Tuesday, July 22, 2008

Personal trainers are for wimps......like me (The Extended Remix)

Have you ever noticed how many muscles have to fire just to get you out of a chair? IF you're like me, you have no clue. You just get up, taking your gut with you, and you don't even notice how much effort it took your body to gain momentum just to schlep over to the copy machine.

Ignorance is somewhat blissful, because that's all over for me. I know exactly how much it takes to get out of a chair because my sore as all hell muscles have been showing me for over 24 hours. It's my body's way of thanking me for the extraordinary personal training session we had on Sunday.

Now before I go any further, I should probably provide some context. All 2 of my loyal readers surely think that I am a svelte, uber-hottie whose body of superior work is represented publicly by a Beyonce-like figure.

Wrong.

I recently stepped on the scale and discovered that my weight had......well....risen. It had risen to a point of discomfort. How much do I weigh? I could tell you but then I'd have to gouge your eyes out with a shrimp fork. I will only refer to my high weight by its Native American tribal name:

Oh Hell No. Henceforth refered to as OHN.

OHN sent me right out to pick up the Abs Diet, The Abs Diet for Women, The Abs Diet for Bears and the Abs Diet for Walruses, just to cover all my bases. I've measured my waist with a tape measure, shocked that it was able to make the whole trip. I've calculated by BMI, which pretty much said 'DAAAAYUMM!' but considering that I'm at OHN, not a total surprise.

This brings us back to our training session. My trainer, who I will refer to as The General (TG), is a friend of my sister's. Great guy, super nice. The General's Wife (TGW) is also great and her body is simply banging. At a recent party, the BF and I talking with TG about exercising and TG revealed that he believes dumbbells and weight machines are "the devil." While dumbbells and machines isolate muscles for movement they do not assist in strengthening the tendons and other assorted bodily goodness that hold our musculature together. As someone who has fancied herself a runner in the past, prior to reaching OHN, and subject to knee pain, I was intrigued. Could the quad machine have been a foe of recovery? Has everything we've been taught about strength training been a lie?

The BF and I decided to do a dual training session with TG with assistance from TGW. My main apprehension was the ever-doable push up. Upper body strength is not my forte.
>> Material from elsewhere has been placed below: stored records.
Lemma vaddA (x y z : V) : vadd x (vadd y z) = vadd (vadd x y) z.
Proof. destruct HV as (H & _). apply H. Qed.
Lemma vaddC (x y : V) : vadd x y = vadd y x.
Proof. destruct HV as (_ & H & _). apply H. Qed.
Lemma vaddr0 (x : V) : vadd x vzero = x.
Proof. destruct HV as (_ & _ & H & _). apply H. Qed.
Lemma vaddrN (x : V) : vadd x (vopp x) = vzero.
Proof. destruct HV as (_ & _ & _ & H & _). apply H. Qed.
Lemma vscalA (a b : R) (x : V) : vscal a (vscal b x) = vscal (a * b) x.
Proof. destruct HV as (_ & _ & _ & _ & H & _). apply H. Qed.
Lemma vscal1 (x : V) : vscal 1 x = x.
Proof. destruct HV as (_ & _ & _ & _ & _ & H & _). apply H. Qed.
Lemma vscalDr (a : R) (x y : V) : vscal a (vadd x y) = vadd (vscal a x) (vscal a y).
Proof. destruct HV as (_ & _ & _ & _ & _ & _ & H & _). apply H. Qed.
Lemma vscalDl (a b : R) (x : V) : vscal (a + b) x = vadd (vscal a x) (vscal b x).
Proof. destruct HV as (_ & _ & _ & _ & _ & _ & _ & H & _). apply H. Qed.
Lemma vnorm_eq0 (x : V) : vnorm x = 0 -> x = vzero.
Proof. destruct HV as (_ & _ & _ & _ & _ & _ & _ & _ & H & _). apply H. Qed.
Lemma vnormZ (a : R) (x : V) : vnorm (vscal a x) = Rabs a * vnorm x.
Proof. destruct HV as (_ & _ & _ & _ & _ & _ & _ & _ & _ & H & _). apply H. Qed.
Lemma vnormD (x y : V) : vnorm (vadd x y) <= vnorm x + vnorm y.
Proof. destruct HV as (_ & _ & _ & _ & _ & _ & _ & _ & _ & _ & H). apply H. Qed.

Lemma vadd0r (x : V) : vadd vzero x = x.
Proof. now rewrite vaddC, vaddr0. Qed.

Lemma vaddI (x y z : V) : vadd x y = vadd x z -> y = z.
Proof.
  intros E. apply (f_equal (vadd (vopp x))) in E.
  now rewrite !vaddA, (vaddC (vopp x)), vaddrN, !vadd0r in E.
Qed.

Lemma vscal0l (x : V) : vscal 0 x = vzero.
Proof.
  apply (vaddI (vscal 0 x)). rewrite vaddr0, <- vscalDl. f_equal. ring.
Qed.

Lemma vscal0r (a : R) : vscal a (@vzero V) = vzero.
Proof. now rewrite <- (vscal0l vzero), vscalA, Rmult_0_r. Qed.

Lemma vnorm0 : vnorm (@vzero V) = 0.
Proof. rewrite <- (vscal0l vzero), vnormZ, Rabs_R0. ring. Qed.

Lemma vnorm_ge0 (x : V) : 0 <= vnorm x.
Proof.
  assert (E : vadd x (vscal (-1) x) = vzero).
  { rewrite <- (vscal1 x) at 1. rewrite <- vscalDl, Rplus_opp_r. apply vscal0l. }
  pose proof (vnormD x (vscal (-1) x)) as T.
  rewrite E, vnorm0, vnormZ, (Rabs_left (-1)) in T by lra. lra.
Qed.

Lemma vnorm_big {I : Type} (t : I -> V) l :
  vnorm (big vadd vzero t l) <= big Rplus 0 (fun i => vnorm (t i)) l.
Proof.
  induction l as [|i l IH]; simpl; [rewrite vnorm0; lra|].
  eapply Rle_trans; [apply vnormD | lra].
Qed.

Lemma vscal_big {I : Type} (a : R) (t : I -> V) l :
  vscal a (big vadd vzero t l) = big vadd vzero (fun i => vscal a (t i)) l.
Proof.
  induction l as [|i l IH]; simpl; [apply vscal0r|]. now rewrite vscalDr, IH.
Qed.

End NormedSpace.

Section LinearMaps.
Context {V W : NormData} (HV : is_normed_space V) (HW : is_normed_space W).

Lemma linear0 (f : V -> W) : is_linear f -> f vzero = vzero.
Proof.
  intros [_ fZ]. now rewrite <- (vscal0l HV vzero), fZ, (vscal0l HW).
Qed.

Lemma linear_big (f : V -> W) {I : Type} (t : I -> V) l : is_linear f ->
  f (big vadd vzero t l) = big vadd vzero (fun i => f (t i)) l.
Proof.
  intros Hf. induction l as [|i l IH]; simpl; [now apply linear0|].
  now rewrite (proj1 Hf), IH.
Qed.

(* [V] must contain a nonzero vector: on a zero space no real number is the least bound. *)
Lemma is_opnorm_exists (f : V -> W) (c : R) :
  (forall x, vnorm (f x) <= c * vnorm x) -> (exists x0 : V, vnorm x0 <> 0) ->
  exists r, is_opnorm f r.
Proof.
  intros Hc [x0 Hx0].
  set (A := fun t => exists x : V, vnorm x <> 0 /\ t = vnorm (f x) / vnorm x).
  assert (quotient_le : forall x b, vnorm x <> 0 -> vnorm (f x) <= b * vnorm x ->
                                    vnorm (f x) / vnorm x <= b).
  { intros x b Hx H. pose proof (vnorm_ge0 HV x).
    apply Rmult_le_reg_r with (vnorm x); [lra|].
    unfold Rdiv. now rewrite Rmult_assoc, Rinv_l, Rmult_1_r. }
  destruct (completeness A) as [r [Hub Hleast]].
  - exists c. intros t [x [Hx ->]]. auto.
  - exists (vnorm (f x0) / vnorm x0), x0. auto.
  - exists r. split.
    + intros x. destruct (Req_dec (vnorm x) 0) as [E|E].
      * specialize (Hc x). rewrite E, Rmult_0_r in *. exact Hc.
      * assert (Hq : vnorm (f x) / vnorm x <= r) by (apply Hub; exists x; auto).
        pose proof (vnorm_ge0 HV x).
        apply (Rmult_le_compat_r (vnorm x)) in Hq; [|lra].
        unfold Rdiv in Hq. now rewrite Rmult_assoc, Rinv_l, Rmult_1_r in Hq.
    + intros b Hb. apply Hleast. intros t [x [Hx ->]]. auto.
Qed.

Lemma is_opnorm_nontrivial (f : V -> W) (r : R) :
  is_opnorm f r -> exists x0 : V, vnorm x0 <> 0.
Proof.
  intros [Hub Hleast]. apply NNPP. intros Htriv.
  assert (r <= r - 1); [|lra].
  apply Hleast. intros x.
  assert (E : vnorm x = 0) by (apply NNPP; intros Hx; apply Htriv; now exists x).
  specialize (Hub x). rewrite E, Rmult_0_r in *. lra.
Qed.

Lemma is_opnorm_ge0 (f : V -> W) (r : R) : is_opnorm f r -> 0 <= r.
Proof.
  intros Hr. destruct (is_opnorm_nontrivial f r Hr) as [x0 Hx0].
  pose proof (vnorm_ge0 HV x0). pose proof (vnorm_ge0 HW (f x0)).
  pose proof (proj1 Hr x0).
  destruct (Rle_or_lt 0 r) as [|Hneg]; [assumption|].
  assert (r * vnorm x0 < 0) by (apply Rmult_neg_pos; lra). lra.
Qed.

Lemma contractive_of_le (f : V -> W) :
  is_linear f -> (forall x, vnorm (f x) <= vnorm x) -> (exists x0 : V, vnorm x0 <> 0) ->
  contractive_op f.
Proof.
  intros Hlin Hle Hnt.
  assert (Hle1 : forall x, vnorm (f x) <= 1 * vnorm x) by (intros x; rewrite Rmult_1_l; auto).
  destruct (is_opnorm_exists f 1 Hle1 Hnt) as [r Hr].
  split; [split; [exact Hlin | now exists 1]|].
  exists r. split; [exact Hr|]. now apply Hr.
Qed.

End LinearMaps.

Definition classic_eq_dec {A : Type} (x y : A) : {x = y} + {x <> y} :=
  excluded_middle_informative (x = y).

Section L10.
Context {L : Type}.

Definition supp_cover (f : L -> R) (l : list L) : Prop := forall x, f x <> 0 -> In x l.

Lemma supp_cover_cat (f g : L -> R) l1 l2 :
  supp_cover f l1 -> supp_cover g l2 ->
  let l := nodup classic_eq_dec (l1 ++ l2) in
  supp_cover f l /\ supp_cover g l /\ supp_cover (fun x => f x + g x) l.
Proof.
  intros C1 C2 l. unfold l, supp_cover.
  split; [|split]; intros x Hx; apply nodup_In, in_or_app; auto.
  destruct (Req_dec (f x) 0) as [E|E]; auto.
  right. apply C2. intros E2. apply Hx. rewrite E, E2. ring.
Qed.

Lemma supp_cover_scal (a : R) (f : L -> R) l :
  supp_cover f l -> supp_cover (fun x => a * f x) l.
Proof. intros C x Hx. apply C. intros E. apply Hx. rewrite E. ring. Qed.

Lemma l10_eq (f g : l10 L) : (forall x, proj1_sig f x = proj1_sig g x) -> f = g.
Proof.
  destruct f as [f Hf], g as [g Hg]. simpl. intros E.
  apply functional_extensionality in E. subst g. f_equal. apply proof_irrelevance.
Qed.

Definition supp_list (f : l10 L) : list L :=
  epsilon (inhabits nil) (fun l => NoDup l /\ supp_cover (proj1_sig f) l).

Lemma supp_list_spec (f : l10 L) : NoDup (supp_list f) /\ supp_cover (proj1_sig f) (supp_list f).
Proof.
  unfold supp_list. apply epsilon_spec. destruct (proj2_sig f) as [l Hl].
  exists (nodup classic_eq_dec l). split; [apply NoDup_nodup|].
  intros x Hx. now apply nodup_In, Hl.
Qed.

Lemma sum_abs_on_ge0 (f : L -> R) l : 0 <= sum_abs_on f l.
Proof. induction l as [|x l IH]; simpl; [lra|]. pose proof (Rabs_pos (f x)). lra. Qed.

Lemma sum_abs_on_eq0 (f : L -> R) l : sum_abs_on f l = 0 -> forall x, In x l -> f x = 0.
Proof.
  induction l as [|y l IH]; simpl; [tauto|]. intros E x Hx.
  pose proof (sum_abs_on_ge0 f l). pose proof (Rabs_pos (f y)).
  destruct Hx as [<-|Hx]; [|apply IH; [lra|exact Hx]].
  destruct (Req_dec (f y) 0) as [|Hy]; [assumption|].
  apply Rabs_pos_lt in Hy. lra.
Qed.

Lemma sum_abs_on_scal (a : R) (f : L -> R) l :
  sum_abs_on (fun x => a * f x) l = Rabs a * sum_abs_on f l.
Proof. induction l as [|x l IH]; simpl; [ring|]. rewrite IH, Rabs_mult. ring. Qed.

Lemma sum_abs_on_add_le (f g : L -> R) l :
  sum_abs_on (fun x => f x + g x) l <= sum_abs_on f l + sum_abs_on g l.
Proof.
  induction l as [|x l IH]; simpl; [lra|]. pose proof (Rabs_triang (f x) (g x)). lra.
Qed.

Lemma sum_abs_on_cover (f : L -> R) l1 l2 : NoDup l1 -> NoDup l2 ->
  supp_cover f l1 -> supp_cover f l2 -> sum_abs_on f l1 = sum_abs_on f l2.
Proof.
  intros N1 N2 C1 C2.
  apply (big_eq_on_support Rplus 0 (fun a b c => eq_sym (Rplus_assoc a b c)) Rplus_comm Rplus_0_l)
    with (S := fun x => f x <> 0); auto.
  - intros x Hx. apply NNPP in Hx. now rewrite Hx, Rabs_R0.
  - split; auto.
Qed.

Lemma l1_norm_on (f : L -> R) l : NoDup l -> supp_cover f l -> l1_norm f = sum_abs_on f l.
Proof.
  intros N C. unfold l1_norm.
  destruct (epsilon_spec (inhabits 0) (fun r => exists l : list L,
    NoDup l /\ (forall x, f x <> 0 -> In x l) /\ r = sum_abs_on f l)) as [l' [N' [C' ->]]].
  - now exists (sum_abs_on f l), l.
  - now apply sum_abs_on_cover.
Qed.

Lemma vnorm_l10 (f : l10 L) : vnorm f = sum_abs_on (proj1_sig f) (supp_list f).
Proof. destruct (supp_list_spec f). now apply l1_norm_on. Qed.

Lemma l10_normed : is_normed_space (l10 L).
Proof.
  repeat split; try (intros; apply l10_eq; simpl; intros; ring).
  - intros f Hf. rewrite vnorm_l10 in Hf. destruct (supp_list_spec f) as [_ C].
    apply l10_eq. intros x. simpl. apply NNPP. intros Hx.
    apply Hx, (sum_abs_on_eq0 _ _ Hf), C, Hx.
  - intros a f. destruct (supp_list_spec f) as [N C]. simpl.
    rewrite (l1_norm_on _ _ N C), (l1_norm_on _ _ N (supp_cover_scal a _ _ C)).
    apply sum_abs_on_scal.
  - intros f g. destruct (supp_list_spec f) as [_ Cf], (supp_list_spec g) as [_ Cg].
    destruct (supp_cover_cat _ _ _ _ Cf Cg) as (Cf' & Cg' & Cfg). simpl.
    pose proof (NoDup_nodup classic_eq_dec (supp_list f ++ supp_list g)) as N.
    rewrite (l1_norm_on _ _ N Cf'), (l1_norm_on _ _ N Cg'), (l1_norm_on _ _ N Cfg).
    apply sum_abs_on_add_le.
Qed.

End L10.

Section UnitVectors.
Context {L : Type}.

Lemma fin_supp_delta (a : L) (c : R) :
  fin_supp (fun z => if classic_eq_dec z a then c else 0).
Proof.
  exists (a :: nil). intros z Hz. destruct (classic_eq_dec z a); [now left | contradiction].
Qed.

Definition delta (a : L) (c : R) : l10 L := exist _ _ (fin_supp_delta a c).

Lemma supp_cover_delta (a : L) (c : R) : supp_cover (proj1_sig (delta a c)) (a :: nil).
Proof. intros z Hz. simpl in Hz. destruct (classic_eq_dec z a); [now left | contradiction]. Qed.

Lemma vnorm_delta (a : L) (c : R) : vnorm (delta a c) = Rabs c.
Proof.
  simpl. rewrite (l1_norm_on _ (a :: nil)); [| repeat constructor; auto | apply supp_cover_delta].
  simpl. destruct (classic_eq_dec a a) as [_|]; [ring | congruence].
Qed.

Lemma l10_big_apply {I : Type} (t : I -> l10 L) l z :
  proj1_sig (big vadd vzero t l) z = big Rplus 0 (fun i => proj1_sig (t i) z) l.
Proof.
  induction l as [|i l IH]; [reflexivity|].
  change (proj1_sig (t i) z + proj1_sig (big vadd vzero t l) z =
          proj1_sig (t i) z + big Rplus 0 (fun i => proj1_sig (t i) z) l).
  now rewrite IH.
Qed.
The BF told me that it would be fine and that I wouldn't be compared to him, super Muay Thai practitioner. "Thanks, honey," I replied. The session started with TG giving us the rules (which can be summed up as, unless you're really in pain, no bitching) and starting us in the park with a warm up. Dips are hard enough, but at a 45 degree angle, they are simply a test of will. Although I'd take 45 degree dips 50 times over compared to the pull ups the BF was doing.

We then retreated back to our starting point for abs and strength training. Let me simply say that in all of my 30 years, I've never had a problem breathing. Breathing is simple. In and out. In and out. No biggie. By the time we were 2/3 way through strength training, I thought I was breathing but the only sound that came out was a wheeze. I was wheezing. I didn't even know what it was; I thought I needed to clear my throat. My body was seriously begging for oxygen. I felt fine, didn't want to hurl, but couldn't get the high pitched noise to stop for about a minute. The BF thought I was going to pass out, TG and TGW looked concerned, but I'm a high-level trooper and got back on the mat for the final exercise.

I have to admit, I gained a lot of respect for TG for making me wheeze. If he's taxing my lungs like this with no machines or treadmills, imagine what he'll do to my body. Additionally, you and me and anyone else can phone in a work out on the treadmill while watching E! but pushing yourself hard enough to feel like you're going to black out takes some doing, and sometimes another person taking you there.

TG and I are meeting this week to talk about our future training together. I think this will be good for me as I know TG well enough to feel comfortable, but not so comfortable that I won't push myself. Hard.

Goodbye OHN. Your days are numbered.